• [PROBLEM REQUIREMENTS]:
For this exercise, reproduce the entries below exactly, but only from the line containing "From mathcomp Require Import ring lra zify." through the line containing "new tuples inside", both included.

================

(* Let $\overline\alpha$ be coherent. Then for every $\mathfrak A\in K_{\overline\alpha}$ with $\delta(\mathfrak A)>0$ there is $\mathfrak D\in K_{\overline\alpha}$ with $\mathfrak A\subseteq\mathfrak D$ and $\delta(\mathfrak D)=0$.
   Context: Fix a finite relational language $L$ in which every relation symbol has arity at least $2$. $K_L$ is the class of all finite $L$-structures (including the empty one) in which every relation symbol is interpreted symmetrically and irreflexively. Fix $\overline\alpha:L\to(0,1]$, writing $\overline\alpha_E=\overline\alpha(E)$, such that it is not the case that all symbols of $L$ are binary and $\overline\alpha_E=1$ for all $E$. For $\mathfrak A\in K_L$ let $N_E(\mathfrak A)$ be the number of subsets of $A$ on which $E$ holds and $\delta(\mathfrak A)=|A|-\sum_{E}\overline\alpha_E N_E(\mathfrak A)$. $K_{\overline\alpha}=\{\mathfrak A\in K_L:\delta(\mathfrak A')\ge0\text{ for all substructures }\mathfrak A'\subseteq\mathfrak A\}$. $\overline\alpha$ is coherent if there are positive integers $m_E$ ($E\in L$) with $\sum_{E}m_E\overline\alpha_E\in\mathbb Q$. *)

From HB Require Import structures.
From mathcomp Require Import all_boot all_order all_algebra.
From mathcomp Require Import reals.
Set Implicit Arguments. Unset Strict Implicit. Unset Printing Implicit Defensive.
Import Order.TTheory GRing.Theory Num.Theory.
Local Open Scope ring_scope.

(* An L-structure in K_L on a finite carrier T is given by, for each symbol E,
   the set [rels E] of subsets of T on which E holds; each such subset has
   exactly [ar E] elements (symmetric, irreflexive interpretation). *)

Definition wf_str (L T : finType) (ar : L -> nat)
    (rels : L -> {set {set T}}) : Prop :=
  forall (E : L) (S : {set T}), S \in rels E -> #|S| = ar E.

Definition N_E (L T : finType) (rels : L -> {set {set T}}) (E : L)
    (B : {set T}) : nat :=
  #|[set S in rels E | S \subset B]|.

Definition delta (R : realType) (L T : finType) (alpha : L -> R)
    (rels : L -> {set {set T}}) (B : {set T}) : R :=
  (#|B|%:R - \sum_(E : L) alpha E * (N_E rels E B)%:R)%R.

Definition in_Kalpha (R : realType) (L T : finType) (ar : L -> nat)
    (alpha : L -> R) (rels : L -> {set {set T}}) : Prop :=
  wf_str ar rels /\ forall B : {set T}, (0 <= delta alpha rels B)%R.

Definition coherent (R : realType) (L : finType) (alpha : L -> R) : Prop :=
  exists m : L -> nat, (forall E, (0 < m E)%N) /\
    exists q : rat, (\sum_(E : L) (m E)%:R * alpha E)%R = ratr q.

(* (T, relsA) is a substructure of (T', relsD) via the injective map f
   (induced substructure, identified with its image). *)
Definition embeds (L T T' : finType) (relsA : L -> {set {set T}})
    (relsD : L -> {set {set T'}}) (f : T -> T') : Prop :=
  injective f /\
  forall (E : L) (S : {set T}), (S \in relsA E) = (f @: S \in relsD E).

From HB Require Import structures.
From mathcomp Require Import all_boot all_order all_algebra.
From mathcomp Require Import reals.
From mathcomp Require Import ring lra zify.
Set Implicit Arguments. Unset Strict Implicit. Unset Printing Implicit Defensive.
Import Order.TTheory GRing.Theory Num.Theory.
Local Open Scope ring_scope.

(* Call a vertex covered if it lies in a set of defect 0.  By submodularity of
   delta, in K_alpha the union of two sets of defect 0 has defect 0, so when
   every vertex is covered the whole structure has defect 0.  Otherwise pick an
   uncovered x and a set B containing x of least defect e > 0.  Coherence yields
   counts c_E of new E-tuples and a number p of new vertices with
   sum_E alpha_E c_E = e + p exactly.  Put x and the new vertices on a cycle and
   lay the weights of the new tuples end to end on a line cut into a slot of
   length e for x and slots of length 1 for the new vertices; each new tuple
   contains the (at most two, as alpha <= 1) slots its weight meets, and further
   vertices at a gap that keeps tuples of the same relation distinct.  Then the
   new tuples inside any set weigh at most the total length of its slots, so by
   minimality of B the extension stays in K_alpha, while B together with all
   new vertices has defect 0.  Thus x becomes covered and no uncovered vertex is
   created: induct on the number of uncovered vertices. *)

Section IntervalOverlap.
Variable R : realFieldType.
Implicit Types a b u w : R.

Definition clamp u w (t : R) : R := if t <= u then u else if w <= t then w else t.

(* For [a <= b] and [u <= w], the length of [[a, b] :&: [u, w]]. *)
Definition overlap a b u w : R := clamp u w b - clamp u w a.

Lemma overlapC a b u w : a <= b -> u <= w -> overlap a b u w = overlap u w a b.
Proof. by move=> ? ?; rewrite /overlap /clamp; do ! case: leP => ?; lra. Qed.

Lemma overlap_ge0 a b u w : a <= b -> u <= w -> 0 <= overlap a b u w.
Proof.
move=> ? ?; rewrite /overlap /clamp.
by case: (leP a u) => ?; case: (leP w a) => ?; case: (leP b u) => ?;
  case: (leP w b) => ?; lra.
Qed.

================

• [ANSWER TO THE EXERCISE]:
From mathcomp Require Import ring lra zify.
Set Implicit Arguments. Unset Strict Implicit. Unset Printing Implicit Defensive.
Import Order.TTheory GRing.Theory Num.Theory.
Local Open Scope ring_scope.

(* Call a vertex covered if it lies in a set of defect 0.  By submodularity of
   delta, in K_alpha the union of two sets of defect 0 has defect 0, so when
   every vertex is covered the whole structure has defect 0.  Otherwise pick an
   uncovered x and a set B containing x of least defect e > 0.  Coherence yields
   counts c_E of new E-tuples and a number p of new vertices with
   sum_E alpha_E c_E = e + p exactly.  Put x and the new vertices on a cycle and
   lay the weights of the new tuples end to end on a line cut into a slot of
   length e for x and slots of length 1 for the new vertices; each new tuple
   contains the (at most two, as alpha <= 1) slots its weight meets, and further
   vertices at a gap that keeps tuples of the same relation distinct.  Then the
   new tuples inside any set weigh at most the total length of its slots, so by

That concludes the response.